Start of Input data

(* Lagrange's identity: [\sum_(i, j) (a_i b_j - a_j b_i)^2 = 2 (A B - C^2)]. *)
Lemma cauchy_schwarz_sum (a b : 'I_n -> R) :
  (\sum_(i < n) a i * b i) ^+ 2 <=
  (\sum_(i < n) a i ^+ 2) * (\sum_(i < n) b i ^+ 2).
Proof.
set A := \sum_(i < n) a i ^+ 2; set B := \sum_(i < n) b i ^+ 2.
set C := \sum_(i < n) a i * b i.
have AB : A * B = \sum_(i < n) \sum_(j < n) a i ^+ 2 * b j ^+ 2.
  by rewrite mulr_suml; apply: eq_bigr => i _; rewrite mulr_sumr.
have BA : A * B = \sum_(i < n) \sum_(j < n) a j ^+ 2 * b i ^+ 2.
  rewrite mulrC mulr_suml; apply: eq_bigr => i _; rewrite mulr_sumr.
  by apply: eq_bigr => j _; rewrite mulrC.
have CC : C ^+ 2 = \sum_(i < n) \sum_(j < n) (a i * b i) * (a j * b j).
  by rewrite expr2 mulr_suml; apply: eq_bigr => i _; rewrite mulr_sumr.
have lagrange : \sum_(i < n) \sum_(j < n) (a i * b j - a j * b i) ^+ 2 =
                A * B + A * B - 2 * C ^+ 2.
  rewrite {1}AB {1}BA CC -big_split /= mulr_sumr -sumrB.
  apply: eq_bigr => i _; rewrite -big_split /= mulr_sumr -sumrB.
  by apply: eq_bigr => j _; ring.
have : 0 <= \sum_(i < n) \sum_(j < n) (a i * b j - a j * b i) ^+ 2.
  by apply: sumr_ge0 => i _; apply: sumr_ge0 => j _; apply: sqr_ge0.
by rewrite lagrange; lra.
Qed.

Lemma ler_enormD x y : enorm (x + y) <= enorm x + enorm y.
Proof.
rewrite /enorm.
set A := \sum_(i < n) x ord0 i ^+ 2; set B := \sum_(i < n) y ord0 i ^+ 2.
set C := \sum_(i < n) x ord0 i * y ord0 i.
have A0 : 0 <= A by exact: sum_sqr_ge0.
have B0 : 0 <= B by exact: sum_sqr_ge0.
have -> : \sum_(i < n) (x + y) ord0 i ^+ 2 = A + C *+ 2 + B.
  rewrite /A /B /C -sumrMnl -!big_split /=.
  by apply: eq_bigr => i _; rewrite mxE sqrrD.
have CAB : C <= Num.sqrt A * Num.sqrt B.
  apply: le_trans (ler_norm C) _.
  rewrite -sqrtr_sqr -sqrtrM // ler_sqrt; last by rewrite mulr_ge0.
  exact: cauchy_schwarz_sum.
have sA := sqr_sqrtr A0; have sB := sqr_sqrtr B0.
have sA0 := sqrtr_ge0 A; have sB0 := sqrtr_ge0 B.
rewrite -(ger0_norm (addr_ge0 sA0 sB0)) -sqrtr_sqr ler_sqrt; last exact: sqr_ge0.
rewrite sqrrD sA sB; lra.
Qed.

Lemma ler_enorm_distD y x z : enorm (x - z) <= enorm (x - y) + enorm (y - z).
Proof. by rewrite -[x - z](subrKA y) ler_enormD. Qed.

Lemma ler_enorm_double x : enorm x <= enorm (x + x).
Proof.
rewrite /enorm ler_sqrt; last exact: sum_sqr_ge0.
by apply: ler_sum => i _; rewrite mxE; nra.
Qed.

Lemma not_ebounded_gt (A : set vec) :
  ~ ebounded A -> forall M, exists2 x, A x & M < enorm x.
Proof.
move=> Aunb M; apply: contrapT => noA; apply: Aunb; exists M => x Ax.
by rewrite leNgt; apply/negP => Mx; apply: noA; exists x.
Qed.

(* Bolzano-Weierstrass: take [a j] close to a cluster point of [a]. *)
Lemma bounded_seq_recurrent (a : nat -> vec) (r d : R) :
  (forall k, enorm (a k) <= r) -> 0 < d ->
  exists j, forall N, exists2 k, (N <= k)%N & enorm (a k - a j) < d.
Proof.
move=> ar d0.
pose K := [set v : vec | forall i, `[- r, r]%classic (v ord0 i)].
have cK : compact K.
  by apply: (@rV_compact _ _ (fun=> `[- r, r]%classic)) => i; exact: segment_compact.
have aK : (a @ \oo) K.
  exists 0%N => // k _ i /=; rewrite in_itv /= -ler_norml.
  exact: le_trans (ler_coord_enorm _ _) (ar k).
have [c [_ clc]] := cK _ _ aK.
pose d' := d / (2 * (n%:R + 1)).
have d'0 : 0 < d' by rewrite divr_gt0 // mulr_gt0 // ltr_wpDl.
have near_c N : exists2 k, (N <= k)%N & ball c d' (a k).
  have aN : (a @ \oo) [set v | exists2 k, (N <= k)%N & v = a k].
    by exists N => // k /= Nk; exists k.
  by have [_ [[k Nk ->] ck]] := clc _ _ aN (nbhsx_ballx c d' d'0); exists k.
have coord v i : ball c d' v -> `|c ord0 i - v ord0 i| < d'.
  by move=> [_ /(_ ord0 i)]; rewrite -ball_normE.
have [j _ cj] := near_c 0%N.
exists j => N; have [k Nk ck] := near_c N; exists k => //.
apply: (@le_lt_trans _ _ (n%:R * (d' + d'))).
  apply: enorm_le_coord => i; rewrite !mxE.
  apply: le_trans (ler_distD (c ord0 i) _ _) _.
  by rewrite distrC; apply/ltW/ltrD; exact: coord.
have n1 : 0 < n%:R + 1 :> R by rewrite ltr_wpDl.
have -> : n%:R * (d' + d') = d * (n%:R / (n%:R + 1)).
  by rewrite /d'; field; rewrite gt_eqF.
by rewrite gtr_pMr // ltr_pdivrMr //; lra.
Qed.

End EuclideanNorm.

Section Periods.
Variables (R : realType) (Y : completeNormedModType R[i]) (n : nat).
Local Notation vec := 'rV[R]_n.
Implicit Types (J : set vec) (G : vec -> Y).

Definition eps_period J G (p : vec) (eps : R) :=
  forall t, J t -> rnorm (G (t + p) - G t) <= eps.

Lemma eps_periodP J G p eps : eps_period J G p eps <->
  (forall t, J t -> `|G (t + p) - G t| <= eps%:C).
Proof.
by split=> Gp t Jt; [rewrite rnorm_lecR | rewrite -rnorm_lecR]; exact: Gp.
Qed.

Lemma eps_periodN G p eps :
  eps_period setT G p eps -> eps_period setT G (- p) eps.
Proof. by move=> Gp t _; rewrite rnorm_distC -{1}(subrK p t); exact: Gp. Qed.

Lemma eps_periodD G p q e1 e2 : eps_period setT G p e1 ->
  eps_period setT G q e2 -> eps_period setT G (p + q) (e1 + e2).
Proof.
move=> Gp Gq t _; rewrite addrA [e1 + e2]addrC.
apply: le_trans (ler_rnorm_distD (G (t + p)) _ _) _.
by apply: lerD; [exact: Gq | exact: Gp].
Qed.

Lemma unif_cont_cont J G : unif_cont_on J G -> cont_on J G.
Proof.
move=> Guc t Jt eps eps0; have [d [d0 Gd]] := Guc _ eps0.
by exists d; split=> // s Js st; exact: Gd.
Qed.

Definition has_long_periods (I I' : set vec) G := forall eps M : R, 0 < eps ->
  exists tau, I' tau /\ M <= enorm tau /\ eps_period I G tau eps.

Lemma bohr_ap_long_periods I I' G :
  ~ ebounded I' -> bohr_ap I I' G -> has_long_periods I I' G.
Proof.
move=> I'unb [_ Gap] eps M eps0; have [l [_ Gl]] := Gap _ eps0.
have [t0 I't0 Mt0] := not_ebounded_gt I'unb (M + l).
have [tau [I'tau [t0tau Gtau]]] := Gl _ I't0.
exists tau; split=> //; split; last exact/eps_periodP.
have := ler_enorm_distD tau t0 0; rewrite !subr0 enorm_distC; lra.
Qed.

Lemma unif_rec_long_periods I I' G : unif_rec I I' G -> has_long_periods I I' G.
Proof.
move=> [_ [tau [I'tau [tau_big Gtau]]]] eps M eps0.
have [N1 N1M] := tau_big M; have [N2 N2eps] := Gtau _ eps0.
exists (tau (maxn N1 N2)); split=> //; split; first by rewrite N1M ?leq_maxl.
by apply/eps_periodP => t It; apply: N2eps; rewrite ?leq_maxr.
Qed.

(* A point of [S] is within a bounded distance of [0 = l0 + (- l0)], which is
   an [eps]-period of every function. *)
Lemma bohr_ap_OmegaS (I' S : set vec) G l0 : I' l0 -> ebounded S ->
  bohr_ap setT I' G -> bohr_ap setT (OmegaS I' S) G.
Proof.
move=> I'l0 [B SB] [Gc Gap]; split=> // eps eps0.
have [l [l_gt0 Gl]] := Gap (eps / 2) ltac:(lra).
have near_sym a : symset I' a -> exists s, symset I' s /\
    enorm (s - a) <= l /\ eps_period setT G s (eps / 2).
  case=> [/Gl [s [I's [sa /eps_periodP Gs]]] | /Gl [s [I's [sa /eps_periodP Gs]]]].
    by exists s; split; [left | split].
  exists (- s); split; first by right; rewrite opprK.
  by split; [rewrite -opprD enormN -[a]opprK | exact: eps_periodN].
have B0 := normr_ge0 B; have BB := ler_norm B.
exists (l + l + `|B|); split; first lra.
move=> t0 [[a [b [I'a [I'b ->]]]] | St0].
  have [sa [I'sa [sa_a Gsa]]] := near_sym _ I'a.
  have [sb [I'sb [sb_b Gsb]]] := near_sym _ I'b.
  exists (sa + sb); split; first by left; exists sa, sb.
  split; last by move=> t _; rewrite rnorm_lecR (splitr eps); apply: eps_periodD.
  rewrite opprD addrACA; apply: le_trans (ler_enormD _ _) _; lra.
exists (l0 + - l0); split.
  by left; exists l0, (- l0); do !split=> //; [left | right; rewrite opprK].
split; first by rewrite subrr sub0r enormN; have := SB _ St0; lra.
by move=> t _; rewrite subrr addr0 subrr normr0 ler0c ltW.
Qed.

Lemma unif_rec_OmegaS (I' S : set vec) G :
  unif_rec setT I' G -> unif_rec setT (OmegaS I' S) G.
Proof.
move=> [Gc [tau [I'tau [tau_big Gtau]]]]; split=> //.
exists (fun k => tau k + tau k); split.
  by move=> k; left; exists (tau k), (tau k); do !split=> //; left.
split.
  move=> M; have [N NM] := tau_big M; exists N => k Nk.
  exact: le_trans (NM k Nk) (ler_enorm_double _).
move=> eps eps0; have [N Neps] := Gtau (eps / 2) ltac:(lra).
have Gk k : (N <= k)%N -> eps_period setT G (tau k) (eps / 2).
  by move=> Nk; apply/eps_periodP; exact: Neps.
exists N => k Nk t _; rewrite rnorm_lecR (splitr eps).
exact: (eps_periodD (Gk k Nk) (Gk k Nk)).
Qed.

End Periods.

Lemma near_inv_succ_le (R : realType) (e : R) :
  0 < e -> \forall k \near \oo, k.+1%:R^-1 <= e.
Proof.
by move=> e0; apply: filterS (near_infty_natSinv_lt (PosNum e0)) => k /ltW.
Qed.

Section Extension.
Variables (R : realType) (Y : completeNormedModType R[i]) (n : nat).
Local Notation vec := 'rV[R]_n.
Variables (I I' : set vec) (F : vec -> Y).
Hypothesis ape : forall t' : vec, exists M : R, 0 < M /\
  forall l, setM I' M l -> I (t' + l).
Hypothesis long : has_long_periods I I' F.

Lemma exists_long_period (k : nat) : exists tau, I' tau /\ k%:R <= enorm tau /\
  eps_period I F tau k.+1%:R^-1.
Proof. by apply: long; rewrite invr_gt0. Qed.

Definition long_period k := projT1 (cid (exists_long_period k)).

Lemma long_periodP k : I' (long_period k) /\ k%:R <= enorm (long_period k) /\
  eps_period I F (long_period k) k.+1%:R^-1.
Proof. exact: projT2 (cid (exists_long_period k)). Qed.

Definition ape_bound t := projT1 (cid (ape t)).

Lemma shift_in_I t k : ape_bound t <= k%:R -> I (t + long_period k).
Proof.
move=> tk; have [_ apeP] := projT2 (cid (ape t)); apply: apeP; split.
  exact: (long_periodP k).1.
exact: le_trans tk (long_periodP k).2.1.
Qed.

Definition approx t k := F (t + long_period k).

Lemma approx_dist t j k : ape_bound t <= j%:R -> ape_bound t <= k%:R ->
  rnorm (approx t j - approx t k) <= j.+1%:R^-1 + k.+1%:R^-1.
Proof.
move=> tj tk; rewrite /approx [_^-1 + _]addrC.
apply: le_trans (ler_rnorm_distD (F (t + long_period j + long_period k)) _ _) _.
apply: lerD.
  by rewrite rnorm_distC; apply: (long_periodP k).2.2; exact: shift_in_I.
by rewrite (addrAC t); apply: (long_periodP j).2.2; exact: shift_in_I.
Qed.

Lemma approx_cvg t : cvg (approx t @ \oo).
Proof.
apply: cauchy_cvg; apply: cauchy_exP => _ /posC_real [e e0 ->].
have [N [tN Ne]] : exists N, ape_bound t <= N%:R /\ N.+1%:R^-1 <= e / 3.
  apply: (@filter_ex _ \oo _); near=> N; split; near: N; first exact: nbhs_infty_ger.
  by apply: near_inv_succ_le; lra.
exists (approx t N).
suff : \forall k \near \oo, ball (approx t N) e%:C (approx t k) by [].
near=> k.
have tk : ape_bound t <= k%:R by near: k; exact: nbhs_infty_ger.
have ke : k.+1%:R^-1 <= e / 3 by near: k; apply: near_inv_succ_le; lra.
rewrite -ball_normE /ball_ /= rnorm_ltcR.
apply: le_lt_trans (approx_dist tN tk) (le_lt_trans (lerD Ne ke) _); lra.
Unshelve. all: by end_near.
Qed.
Lemma lines_upward z s s' : s <= s' -> P (lcons s z) -> P (lcons s' z).
Proof.
move=> le_ss' Ps; apply: contrapT => nPs'.
have lt_ss' : s < s'.
  by rewrite lt_neqAle le_ss' andbT; apply/eqP => ss'; apply: nPs'; rewrite -ss'.
(* with this weight, the point of the segment from (s, z) to (s1, z0) is also
   on the segment from (s0, z0) to (s', z) *)
pose be := (s' - s) / (s' - s + (s1 - s0)).
have d_gt0 : 0 < s' - s by rewrite subr_gt0.
have d0_gt0 : 0 < s1 - s0 by rewrite subr_gt0.
have D_gt0 : 0 < s' - s + (s1 - s0) := addr_gt0 d_gt0 d0_gt0.
have be_gt0 : 0 < be by rewrite /be divr_gt0.
have be_lt1 : be < 1 by rewrite /be ltr_pdivrMr // mul1r ltrDl.
have be01 : 0 <= be <= 1 by rewrite (ltW be_gt0) (ltW be_lt1).
have be'01 : 0 <= 1 - be <= 1.
  by rewrite subr_ge0 gerBl (ltW be_gt0) (ltW be_lt1).
have := proj2 hemiP _ _ _ be'01 nP0 nPs'; apply.
have := proj1 hemiP _ _ _ be01 Ps P1; rewrite !lcons_comb.
have -> : (1 - be) * s + be * s1 = (1 - (1 - be)) * s0 + (1 - be) * s'.
  by rewrite /be; field; rewrite gt_eqF.
by have -> : (1 - be) *: z + be *: z0 = (1 - (1 - be)) *: z0 + (1 - be) *: z
  by rewrite addrC subKr.
Qed.

Definition threshold z := sup [set s | ~ P (lcons s z)].

Lemma has_sup_threshold z : has_sup [set s | ~ P (lcons s z)].
Proof.
have [[sp Psp] [sq nPsq]] := lines_cross z; split; first by exists sq.
exists sp => s nPs; rewrite leNgt; apply/negP => lt_sps; apply: nPs.
exact: lines_upward (ltW lt_sps) Psp.
Qed.
Lemma regular_append_lang a : regular (append_lang a).
Proof.
have reg_diag_a :=
  regular_cat (regular_all diag_letter) (regular_word [:: (None, Some a)]).
have reg_collapse : regular collapse_lang.
  apply: regular_ext (regular_cat (regular_word _) regular_tail_lang) => ws.
  exact: iff_sym (collapse_langE ws).
have reg_diag_collapse := regular_cat (regular_all diag_letter) reg_collapse.
have [az|az] := eqVneq a z.
  apply: regular_ext (regularU reg_diag_a reg_diag_collapse) => ws; rewrite append_langE.
  by split=> [[h|h]|[h|[_ h]]]; [left | right; split | left | right].
apply: regular_ext reg_diag_a => ws; rewrite append_langE.
by split=> [|[//|[/eqP]]]; [left | rewrite (negbTE az)].
Qed.

Lemma Lpad_Some a (w : seq (pad_alph 'I_n)) :
  Lpad R gen normal_forms (Some a) w <->
  [/\ normal_forms (pmap fst (map val w)), normal_forms (pmap snd (map val w))
    & append_lang a (map val w)].
Proof.
split=> [[al [be [Lal Lbe]]]|[Lal Lbe [al [be [wE spec]]]]].
  rewrite /= !phiw_gen cats1 => /nf_cong; rewrite (nf_id _ Lbe.2) => nfE /padconvP->.
  rewrite zip_pad_fst zip_pad_snd; split=> //; exists al, be; split=> //.
  exact/(nf_rconsP u'_nil confluent a Lal.2 Lbe.2).
rewrite wE zip_pad_fst zip_pad_snd in Lal Lbe.
exists al, be; split=> //; last exact/padconvP.
rewrite /= !phiw_gen cats1 -(proj2 (nf_rconsP u'_nil confluent a Lal.2 Lbe.2) spec).
exact: cong_nf.
Qed.

Theorem rcons_relation_prefix_automatic : prefix_automatic R.
Proof.
exists 'I_n, gen, normal_forms; split.
- exact: fin_gen_set.
- split=> [al [] //||w w_nil|[a|]].
  + exact: regular_normal_forms.
  + exists (nf w); split; last by rewrite phiw_gen; apply/cong_sym/cong_nf.
    by split; [exact: nf_neq_nil | exact: nf_irreducible].
  + apply: regular_ext (regularI (regular_map_val (regular_pmap fst regular_normal_forms))
      (regularI (regular_map_val (regular_pmap snd regular_normal_forms))
        (regular_map_val (regular_append_lang a)))) => w.
    by rewrite Lpad_Some; split=> [[? [? ?]]|[]].
  + by apply: regular_ext regular_diag_lang => w; rewrite Lpad_None.
- by apply: regular_ext regular_diag_lang => w; rewrite prefix_closure_diag.
Qed.

End PrefixAutomatic.

Theorem theorem3p1p5 (F : fieldType) (n k : nat) (u : seq 'I_n) (x : 'I_n) :
  (2 <= k)%N -> size u = k ->
  GSbasis F [:: (u, [:: x])] ->
  prefix_automatic [:: (u, [:: x])].
Proof.
move=> k_ge2 uk; subst k; case/lastP: u k_ge2 => [//|u' z].
rewrite size_rcons ltnS lt0n size_eq0.
exact: rcons_relation_prefix_automatic.
Qed.
Variables (d : nat) (v1 v2 : nat -> R) (b1 b2 : R).
Hypothesis d_pos : (0 < d)%nat.
Hypothesis unit1 : is_unit d v1.
Hypothesis unit2 : is_unit d v2.

Notation gap1 := (gap d v1 b1).
Notation gap2 := (gap d v2 b2).
Notation fh := (first_hit2 d v1 b1 v2 b2).

Lemma first_hit2_nonneg (n : nat) (y : nat -> Z) : 0 <= fh n y.
Proof.
  revert y. induction n as [|n IH]; intros y; simpl.
  - destruct (_ && _); lra.
  - destruct (_ || _); [lra|].
    apply Rle_trans with (nbr_avg d (fun _ => 0) y).
    + rewrite nbr_avg_const by exact d_pos. lra.
    + apply nbr_avg_le; auto.
Qed.

Lemma partial_sums_on_boundary (y : nat -> Z) (N : nat) :
  orb (in_halfb d v1 b1 y) (in_halfb d v2 b2 y) = true ->
  sum_f_R0 (fun n => fh n y) N = fh 0 y.
Proof.
  intros H. induction N as [|N IH]; [reflexivity|].
  simpl. simpl in IH. rewrite IH, H. lra.
Qed.

Lemma partial_sums_off_boundary (y : nat -> Z) (N : nat) :
  orb (in_halfb d v1 b1 y) (in_halfb d v2 b2 y) = false ->
  sum_f_R0 (fun n => fh n y) (S N) = nbr_avg d (fun z => sum_f_R0 (fun n => fh n z) N) y.
Proof.
  intros H. rewrite <- nbr_avg_sum, decomp_sum by lia. simpl pred.
  simpl fh at 1. apply orb_false_iff in H as [H1 H2]. rewrite H1, H2, Rplus_0_l.
  apply sum_eq. intros k _. simpl. rewrite H1, H2. reflexivity.
Qed.

Variable u : (nat -> Z) -> R.
Hypothesis u_nonneg : forall y, -1 < gap1 y -> -1 < gap2 y -> 0 <= u y.
Hypothesis u_target : forall y, 0 < gap1 y -> gap2 y <= 0 -> 1 <= u y.
Hypothesis u_super : forall y, 0 < gap1 y -> 0 < gap2 y -> nbr_avg d u y <= u y.

Lemma first_hit2_0_le (y : nat -> Z) :
  -1 < gap1 y -> -1 < gap2 y -> fh 0 y <= u y.
Proof.
  intros Hy1 Hy2. simpl.
  case_eq (in_halfb d v1 b1 y); intro E1; case_eq (in_halfb d v2 b2 y); intro E2;
    simpl; try (apply u_nonneg; auto).
  apply in_halfb_false_iff in E1. apply in_halfb_true_iff in E2. auto.
Qed.

Lemma partial_sums_le_supersolution (N : nat) (y : nat -> Z) :
  -1 < gap1 y -> -1 < gap2 y -> sum_f_R0 (fun n => fh n y) N <= u y.
Proof.
  revert y. induction N as [|N IH]; intros y Hy1 Hy2.
  - apply first_hit2_0_le; auto.
  - case_eq (orb (in_halfb d v1 b1 y) (in_halfb d v2 b2 y)); intro Hbd.
    + rewrite partial_sums_on_boundary by exact Hbd. apply first_hit2_0_le; auto.
    + rewrite partial_sums_off_boundary by exact Hbd.
      apply orb_false_iff in Hbd as [E1 E2].
      apply in_halfb_false_iff in E1. apply in_halfb_false_iff in E2.
      apply Rle_trans with (nbr_avg d u y); [|apply u_super; auto].
      apply nbr_avg_le; [exact d_pos|]. intros i s Hi Hs.
      pose proof (gap_unit_step d v1 b1 y i s unit1 Hi Hs).
      pose proof (gap_unit_step d v2 b2 y i s unit2 Hi Hs).
      apply IH; lra.
Qed.

End Comparison.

End of Input data

Your task:
Report how many lines of the records above contain the word "left", and give only that number.

Exercise answer:
6